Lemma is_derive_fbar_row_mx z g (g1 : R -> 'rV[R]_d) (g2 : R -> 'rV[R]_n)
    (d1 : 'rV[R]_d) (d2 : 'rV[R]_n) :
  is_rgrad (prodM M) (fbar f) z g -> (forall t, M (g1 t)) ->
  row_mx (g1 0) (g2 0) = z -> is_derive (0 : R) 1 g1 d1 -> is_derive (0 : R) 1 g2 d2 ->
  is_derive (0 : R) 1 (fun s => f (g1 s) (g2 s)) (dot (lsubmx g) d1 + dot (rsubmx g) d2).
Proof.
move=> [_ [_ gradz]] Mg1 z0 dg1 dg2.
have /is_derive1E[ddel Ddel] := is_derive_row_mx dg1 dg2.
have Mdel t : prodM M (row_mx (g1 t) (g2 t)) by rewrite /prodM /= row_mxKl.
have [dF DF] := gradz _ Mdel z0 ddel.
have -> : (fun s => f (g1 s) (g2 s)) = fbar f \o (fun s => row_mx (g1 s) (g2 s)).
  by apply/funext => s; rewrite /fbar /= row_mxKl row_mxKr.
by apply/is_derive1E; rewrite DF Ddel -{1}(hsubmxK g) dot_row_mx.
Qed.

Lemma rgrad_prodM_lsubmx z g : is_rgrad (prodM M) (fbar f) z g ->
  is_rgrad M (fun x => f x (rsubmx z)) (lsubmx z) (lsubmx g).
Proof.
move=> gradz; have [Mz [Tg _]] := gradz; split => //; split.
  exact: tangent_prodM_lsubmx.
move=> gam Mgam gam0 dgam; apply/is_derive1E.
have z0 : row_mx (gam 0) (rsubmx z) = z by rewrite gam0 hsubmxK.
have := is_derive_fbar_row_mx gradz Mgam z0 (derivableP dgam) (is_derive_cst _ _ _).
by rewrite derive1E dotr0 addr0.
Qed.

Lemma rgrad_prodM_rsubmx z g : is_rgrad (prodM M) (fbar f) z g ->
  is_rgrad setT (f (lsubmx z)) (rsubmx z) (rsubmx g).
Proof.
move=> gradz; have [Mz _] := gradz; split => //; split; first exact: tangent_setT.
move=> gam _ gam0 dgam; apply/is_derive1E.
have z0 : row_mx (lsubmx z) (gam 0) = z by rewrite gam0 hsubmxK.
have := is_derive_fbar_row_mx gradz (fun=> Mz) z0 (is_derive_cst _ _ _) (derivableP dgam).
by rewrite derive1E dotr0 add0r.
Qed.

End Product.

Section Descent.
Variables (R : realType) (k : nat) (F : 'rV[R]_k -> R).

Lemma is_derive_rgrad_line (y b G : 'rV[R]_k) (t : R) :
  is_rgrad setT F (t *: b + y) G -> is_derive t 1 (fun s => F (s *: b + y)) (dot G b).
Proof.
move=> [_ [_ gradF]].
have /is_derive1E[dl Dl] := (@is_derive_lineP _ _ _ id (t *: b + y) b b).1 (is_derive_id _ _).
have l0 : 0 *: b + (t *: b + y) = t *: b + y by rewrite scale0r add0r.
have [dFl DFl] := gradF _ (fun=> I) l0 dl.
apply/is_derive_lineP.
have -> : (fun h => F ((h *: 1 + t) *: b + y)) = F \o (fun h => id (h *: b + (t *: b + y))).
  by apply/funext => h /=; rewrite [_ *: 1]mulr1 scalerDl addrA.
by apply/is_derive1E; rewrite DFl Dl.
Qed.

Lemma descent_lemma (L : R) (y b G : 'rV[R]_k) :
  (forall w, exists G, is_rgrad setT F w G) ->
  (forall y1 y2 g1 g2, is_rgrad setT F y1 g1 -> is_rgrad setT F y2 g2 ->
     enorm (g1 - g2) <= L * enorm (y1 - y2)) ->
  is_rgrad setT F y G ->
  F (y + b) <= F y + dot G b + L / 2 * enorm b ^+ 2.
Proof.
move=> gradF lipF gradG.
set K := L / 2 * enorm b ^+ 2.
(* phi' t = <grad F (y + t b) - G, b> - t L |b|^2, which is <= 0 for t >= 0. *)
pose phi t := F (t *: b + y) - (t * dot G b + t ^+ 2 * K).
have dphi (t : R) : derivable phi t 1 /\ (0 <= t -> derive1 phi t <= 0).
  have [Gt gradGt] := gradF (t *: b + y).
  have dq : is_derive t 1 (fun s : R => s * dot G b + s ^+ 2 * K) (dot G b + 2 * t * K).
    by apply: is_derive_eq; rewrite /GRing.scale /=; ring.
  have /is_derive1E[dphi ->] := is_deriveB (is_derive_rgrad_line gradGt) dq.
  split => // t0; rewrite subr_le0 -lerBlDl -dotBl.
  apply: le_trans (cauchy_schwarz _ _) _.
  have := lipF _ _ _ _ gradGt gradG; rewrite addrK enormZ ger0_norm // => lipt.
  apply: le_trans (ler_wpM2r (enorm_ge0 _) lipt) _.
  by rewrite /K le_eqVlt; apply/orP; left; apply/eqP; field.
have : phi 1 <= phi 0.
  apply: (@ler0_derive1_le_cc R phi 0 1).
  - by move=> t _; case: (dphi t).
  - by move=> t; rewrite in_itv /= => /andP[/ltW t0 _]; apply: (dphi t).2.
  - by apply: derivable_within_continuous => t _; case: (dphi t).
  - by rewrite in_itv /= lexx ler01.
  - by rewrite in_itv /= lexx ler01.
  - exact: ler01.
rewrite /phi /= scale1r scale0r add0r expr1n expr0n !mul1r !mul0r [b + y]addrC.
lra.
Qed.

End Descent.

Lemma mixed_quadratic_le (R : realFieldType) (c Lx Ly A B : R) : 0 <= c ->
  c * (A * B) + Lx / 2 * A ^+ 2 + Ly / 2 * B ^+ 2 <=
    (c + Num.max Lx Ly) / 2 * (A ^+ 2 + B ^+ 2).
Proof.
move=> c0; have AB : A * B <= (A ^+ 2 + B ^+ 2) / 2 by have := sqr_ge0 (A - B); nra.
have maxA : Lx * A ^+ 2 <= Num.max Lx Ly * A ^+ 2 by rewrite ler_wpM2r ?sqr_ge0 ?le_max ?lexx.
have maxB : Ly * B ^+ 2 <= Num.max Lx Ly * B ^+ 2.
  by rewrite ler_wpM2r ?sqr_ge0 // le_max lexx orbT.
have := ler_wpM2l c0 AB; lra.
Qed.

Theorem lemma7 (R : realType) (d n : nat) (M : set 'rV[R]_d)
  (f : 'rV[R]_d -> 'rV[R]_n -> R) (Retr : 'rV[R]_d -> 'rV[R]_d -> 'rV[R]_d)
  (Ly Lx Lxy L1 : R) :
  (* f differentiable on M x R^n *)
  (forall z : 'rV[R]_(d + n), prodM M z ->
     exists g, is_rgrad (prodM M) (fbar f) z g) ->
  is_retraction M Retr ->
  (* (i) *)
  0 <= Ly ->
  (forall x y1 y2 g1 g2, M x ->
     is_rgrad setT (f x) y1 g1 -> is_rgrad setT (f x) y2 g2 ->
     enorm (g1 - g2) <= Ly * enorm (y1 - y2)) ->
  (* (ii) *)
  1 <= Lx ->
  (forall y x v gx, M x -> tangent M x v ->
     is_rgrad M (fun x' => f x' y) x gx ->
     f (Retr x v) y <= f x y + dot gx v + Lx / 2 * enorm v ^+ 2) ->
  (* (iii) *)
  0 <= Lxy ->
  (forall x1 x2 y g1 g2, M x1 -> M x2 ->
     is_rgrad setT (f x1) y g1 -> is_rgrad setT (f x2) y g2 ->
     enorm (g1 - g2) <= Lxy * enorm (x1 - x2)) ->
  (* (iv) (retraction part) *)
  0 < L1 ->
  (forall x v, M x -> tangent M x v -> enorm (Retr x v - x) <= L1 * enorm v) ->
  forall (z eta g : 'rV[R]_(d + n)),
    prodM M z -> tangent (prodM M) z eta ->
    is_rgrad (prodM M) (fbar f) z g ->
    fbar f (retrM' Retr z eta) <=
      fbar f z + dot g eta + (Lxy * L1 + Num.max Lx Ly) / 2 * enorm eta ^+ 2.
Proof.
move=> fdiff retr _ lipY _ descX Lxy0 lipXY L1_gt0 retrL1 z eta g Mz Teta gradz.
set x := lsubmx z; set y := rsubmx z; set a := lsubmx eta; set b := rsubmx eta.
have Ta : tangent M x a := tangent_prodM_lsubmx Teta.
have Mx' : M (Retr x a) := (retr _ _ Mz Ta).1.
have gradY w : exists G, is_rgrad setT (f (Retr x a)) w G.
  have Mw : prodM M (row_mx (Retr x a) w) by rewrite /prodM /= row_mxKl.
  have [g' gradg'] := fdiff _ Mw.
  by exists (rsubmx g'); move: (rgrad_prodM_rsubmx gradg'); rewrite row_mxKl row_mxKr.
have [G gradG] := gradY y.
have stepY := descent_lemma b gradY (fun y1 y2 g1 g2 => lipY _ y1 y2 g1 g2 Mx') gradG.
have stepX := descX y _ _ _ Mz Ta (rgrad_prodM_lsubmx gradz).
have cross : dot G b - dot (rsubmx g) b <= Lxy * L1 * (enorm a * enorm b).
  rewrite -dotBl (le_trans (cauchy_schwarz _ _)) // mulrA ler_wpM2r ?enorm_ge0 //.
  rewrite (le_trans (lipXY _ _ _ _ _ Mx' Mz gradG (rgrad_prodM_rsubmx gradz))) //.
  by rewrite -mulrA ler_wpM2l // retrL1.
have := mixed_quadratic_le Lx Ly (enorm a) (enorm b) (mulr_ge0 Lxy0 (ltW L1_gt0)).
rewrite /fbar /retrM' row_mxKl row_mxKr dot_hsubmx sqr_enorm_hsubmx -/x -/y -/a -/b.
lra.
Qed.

==

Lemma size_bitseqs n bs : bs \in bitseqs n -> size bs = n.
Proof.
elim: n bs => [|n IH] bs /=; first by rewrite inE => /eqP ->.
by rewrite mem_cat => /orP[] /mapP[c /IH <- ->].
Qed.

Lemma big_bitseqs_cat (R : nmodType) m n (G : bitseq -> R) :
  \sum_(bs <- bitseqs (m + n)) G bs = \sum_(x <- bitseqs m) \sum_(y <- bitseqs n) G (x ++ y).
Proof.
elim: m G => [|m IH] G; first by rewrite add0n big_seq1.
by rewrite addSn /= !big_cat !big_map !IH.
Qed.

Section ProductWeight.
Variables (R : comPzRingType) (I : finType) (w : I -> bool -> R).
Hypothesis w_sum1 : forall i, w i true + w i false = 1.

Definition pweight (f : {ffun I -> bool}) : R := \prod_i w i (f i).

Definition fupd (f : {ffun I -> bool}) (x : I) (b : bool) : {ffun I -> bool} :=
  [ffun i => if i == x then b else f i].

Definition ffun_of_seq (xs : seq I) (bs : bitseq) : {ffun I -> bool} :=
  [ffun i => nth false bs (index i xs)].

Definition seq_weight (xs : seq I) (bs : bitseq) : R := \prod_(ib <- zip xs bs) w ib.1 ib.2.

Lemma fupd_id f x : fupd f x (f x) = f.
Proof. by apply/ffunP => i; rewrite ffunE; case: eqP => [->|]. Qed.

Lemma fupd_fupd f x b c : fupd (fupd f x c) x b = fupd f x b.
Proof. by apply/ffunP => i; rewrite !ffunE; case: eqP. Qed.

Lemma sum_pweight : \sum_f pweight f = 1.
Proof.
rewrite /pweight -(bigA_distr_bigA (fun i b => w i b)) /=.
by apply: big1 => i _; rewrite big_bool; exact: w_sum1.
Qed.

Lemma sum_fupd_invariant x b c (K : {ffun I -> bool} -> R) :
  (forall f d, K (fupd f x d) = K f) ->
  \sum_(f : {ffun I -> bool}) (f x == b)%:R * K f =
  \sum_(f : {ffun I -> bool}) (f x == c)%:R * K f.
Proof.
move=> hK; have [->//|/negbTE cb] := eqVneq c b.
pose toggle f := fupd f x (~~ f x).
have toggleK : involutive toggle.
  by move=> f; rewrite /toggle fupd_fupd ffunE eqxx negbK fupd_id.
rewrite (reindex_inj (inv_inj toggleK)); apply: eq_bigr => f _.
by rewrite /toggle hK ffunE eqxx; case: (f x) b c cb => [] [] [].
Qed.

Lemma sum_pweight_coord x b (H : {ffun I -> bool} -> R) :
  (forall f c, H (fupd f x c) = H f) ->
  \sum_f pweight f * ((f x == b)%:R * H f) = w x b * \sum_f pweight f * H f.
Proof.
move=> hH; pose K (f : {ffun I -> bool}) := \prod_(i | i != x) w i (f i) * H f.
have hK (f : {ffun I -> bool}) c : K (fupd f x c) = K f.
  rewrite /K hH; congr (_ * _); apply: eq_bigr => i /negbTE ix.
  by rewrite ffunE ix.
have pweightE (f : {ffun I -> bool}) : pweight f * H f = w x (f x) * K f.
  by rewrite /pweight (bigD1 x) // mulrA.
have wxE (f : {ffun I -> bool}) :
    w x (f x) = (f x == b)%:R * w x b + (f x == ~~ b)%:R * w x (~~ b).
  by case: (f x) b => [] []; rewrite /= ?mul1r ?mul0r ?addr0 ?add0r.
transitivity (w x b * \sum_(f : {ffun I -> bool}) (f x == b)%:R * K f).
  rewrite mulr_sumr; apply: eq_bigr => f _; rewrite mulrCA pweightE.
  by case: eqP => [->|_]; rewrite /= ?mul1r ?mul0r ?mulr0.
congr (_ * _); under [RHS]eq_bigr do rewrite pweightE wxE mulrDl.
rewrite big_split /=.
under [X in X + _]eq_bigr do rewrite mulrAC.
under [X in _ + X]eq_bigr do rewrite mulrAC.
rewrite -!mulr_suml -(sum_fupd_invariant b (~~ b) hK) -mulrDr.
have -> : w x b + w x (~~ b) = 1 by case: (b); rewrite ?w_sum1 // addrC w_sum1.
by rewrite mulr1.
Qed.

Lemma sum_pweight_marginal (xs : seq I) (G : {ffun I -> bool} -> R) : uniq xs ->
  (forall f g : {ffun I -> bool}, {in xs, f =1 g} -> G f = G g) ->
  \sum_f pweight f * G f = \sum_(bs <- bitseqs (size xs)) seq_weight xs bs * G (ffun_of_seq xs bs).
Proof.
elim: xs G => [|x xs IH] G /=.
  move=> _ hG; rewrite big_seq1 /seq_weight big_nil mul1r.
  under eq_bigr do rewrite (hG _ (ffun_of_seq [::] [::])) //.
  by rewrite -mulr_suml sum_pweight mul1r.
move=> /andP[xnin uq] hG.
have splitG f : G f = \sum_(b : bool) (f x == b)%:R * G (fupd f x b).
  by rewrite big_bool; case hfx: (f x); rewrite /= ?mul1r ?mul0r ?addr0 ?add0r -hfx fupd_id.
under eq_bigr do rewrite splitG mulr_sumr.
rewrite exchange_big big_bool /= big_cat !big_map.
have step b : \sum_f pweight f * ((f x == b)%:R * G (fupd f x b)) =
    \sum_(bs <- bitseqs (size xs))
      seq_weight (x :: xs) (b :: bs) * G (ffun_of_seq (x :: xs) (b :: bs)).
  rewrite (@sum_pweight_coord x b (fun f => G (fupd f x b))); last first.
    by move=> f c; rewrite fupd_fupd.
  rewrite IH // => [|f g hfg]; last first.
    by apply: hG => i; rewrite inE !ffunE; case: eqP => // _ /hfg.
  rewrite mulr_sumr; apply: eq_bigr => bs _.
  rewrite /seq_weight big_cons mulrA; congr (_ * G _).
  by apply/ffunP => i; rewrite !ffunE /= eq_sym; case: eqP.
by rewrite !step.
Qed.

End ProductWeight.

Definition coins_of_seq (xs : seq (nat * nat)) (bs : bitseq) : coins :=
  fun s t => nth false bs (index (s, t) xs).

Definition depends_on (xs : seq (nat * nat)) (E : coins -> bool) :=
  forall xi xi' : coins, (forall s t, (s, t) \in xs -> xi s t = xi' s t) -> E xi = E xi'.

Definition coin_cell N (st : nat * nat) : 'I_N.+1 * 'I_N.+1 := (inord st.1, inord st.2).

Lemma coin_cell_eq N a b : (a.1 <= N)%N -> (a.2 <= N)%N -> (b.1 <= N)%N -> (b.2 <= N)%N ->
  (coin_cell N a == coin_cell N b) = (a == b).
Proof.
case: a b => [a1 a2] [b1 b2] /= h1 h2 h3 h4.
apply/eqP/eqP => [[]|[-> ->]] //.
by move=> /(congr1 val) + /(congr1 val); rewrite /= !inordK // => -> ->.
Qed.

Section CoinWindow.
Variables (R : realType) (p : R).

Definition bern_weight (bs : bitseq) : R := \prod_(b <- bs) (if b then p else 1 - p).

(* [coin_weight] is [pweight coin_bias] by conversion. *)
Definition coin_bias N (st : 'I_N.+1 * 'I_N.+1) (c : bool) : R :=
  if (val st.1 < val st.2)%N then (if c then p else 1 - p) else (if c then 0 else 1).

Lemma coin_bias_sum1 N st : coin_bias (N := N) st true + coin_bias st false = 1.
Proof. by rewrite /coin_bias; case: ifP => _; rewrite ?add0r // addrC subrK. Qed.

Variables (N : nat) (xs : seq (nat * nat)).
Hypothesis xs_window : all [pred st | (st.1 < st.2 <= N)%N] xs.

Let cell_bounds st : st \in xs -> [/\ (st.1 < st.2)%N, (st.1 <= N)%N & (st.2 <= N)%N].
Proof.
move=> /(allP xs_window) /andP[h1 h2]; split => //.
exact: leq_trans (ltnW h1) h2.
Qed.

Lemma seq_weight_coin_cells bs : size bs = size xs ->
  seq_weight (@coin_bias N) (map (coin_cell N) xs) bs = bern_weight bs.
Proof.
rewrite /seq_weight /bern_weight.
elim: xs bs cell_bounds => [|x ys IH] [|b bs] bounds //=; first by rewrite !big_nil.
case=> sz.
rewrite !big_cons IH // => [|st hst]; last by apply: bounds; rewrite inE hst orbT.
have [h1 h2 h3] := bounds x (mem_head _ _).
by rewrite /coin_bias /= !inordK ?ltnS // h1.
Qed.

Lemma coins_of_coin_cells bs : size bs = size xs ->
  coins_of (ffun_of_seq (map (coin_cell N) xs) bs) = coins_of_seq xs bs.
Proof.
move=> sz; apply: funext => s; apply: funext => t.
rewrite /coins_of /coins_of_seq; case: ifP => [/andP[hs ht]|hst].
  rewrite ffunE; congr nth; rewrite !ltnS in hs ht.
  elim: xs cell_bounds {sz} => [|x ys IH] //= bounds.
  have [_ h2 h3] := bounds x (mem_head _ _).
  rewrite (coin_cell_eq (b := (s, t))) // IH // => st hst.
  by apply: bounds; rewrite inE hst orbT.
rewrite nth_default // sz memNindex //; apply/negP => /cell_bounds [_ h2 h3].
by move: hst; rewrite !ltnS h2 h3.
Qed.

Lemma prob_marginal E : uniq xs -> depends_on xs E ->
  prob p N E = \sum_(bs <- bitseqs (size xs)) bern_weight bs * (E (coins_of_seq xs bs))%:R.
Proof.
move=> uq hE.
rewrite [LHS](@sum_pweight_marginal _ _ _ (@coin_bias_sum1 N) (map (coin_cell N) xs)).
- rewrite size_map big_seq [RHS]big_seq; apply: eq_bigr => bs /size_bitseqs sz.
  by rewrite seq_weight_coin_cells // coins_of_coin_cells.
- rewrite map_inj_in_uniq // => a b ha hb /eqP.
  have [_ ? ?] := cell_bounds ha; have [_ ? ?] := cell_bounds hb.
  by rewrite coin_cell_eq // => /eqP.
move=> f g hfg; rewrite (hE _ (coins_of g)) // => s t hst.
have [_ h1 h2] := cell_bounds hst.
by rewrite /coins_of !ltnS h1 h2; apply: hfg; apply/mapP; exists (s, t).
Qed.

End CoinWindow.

WHAT YOU HAVE TO DO: Transcribe each line of the data above, unaltered, from the one where "elim: xs G => [|x xs IH] G /=." appears to the one where "forall xi xi'" appears, inclusive of both.

EXERCISE RESPONSE:
elim: xs G => [|x xs IH] G /=.
  move=> _ hG; rewrite big_seq1 /seq_weight big_nil mul1r.
  under eq_bigr do rewrite (hG _ (ffun_of_seq [::] [::])) //.
  by rewrite -mulr_suml sum_pweight mul1r.
move=> /andP[xnin uq] hG.
have splitG f : G f = \sum_(b : bool) (f x == b)%:R * G (fupd f x b).
  by rewrite big_bool; case hfx: (f x); rewrite /= ?mul1r ?mul0r ?addr0 ?add0r -hfx fupd_id.
under eq_bigr do rewrite splitG mulr_sumr.
rewrite exchange_big big_bool /= big_cat !big_map.
have step b : \sum_f pweight f * ((f x == b)%:R * G (fupd f x b)) =
    \sum_(bs <- bitseqs (size xs))
      seq_weight (x :: xs) (b :: bs) * G (ffun_of_seq (x :: xs) (b :: bs)).
  rewrite (@sum_pweight_coord x b (fun f => G (fupd f x b))); last first.
    by move=> f c; rewrite fupd_fupd.
  rewrite IH // => [|f g hfg]; last first.
    by apply: hG => i; rewrite inE !ffunE; case: eqP => // _ /hfg.
  rewrite mulr_sumr; apply: eq_bigr => bs _.
  rewrite /seq_weight big_cons mulrA; congr (_ * G _).
  by apply/ffunP => i; rewrite !ffunE /= eq_sym; case: eqP.
by rewrite !step.
Qed.

End ProductWeight.

Definition coins_of_seq (xs : seq (nat * nat)) (bs : bitseq) : coins :=
  fun s t => nth false bs (index (s, t) xs).

Definition depends_on (xs : seq (nat * nat)) (E : coins -> bool) :=
  forall xi xi' : coins, (forall s t, (s, t) \in xs -> xi s t = xi' s t) -> E xi = E xi'.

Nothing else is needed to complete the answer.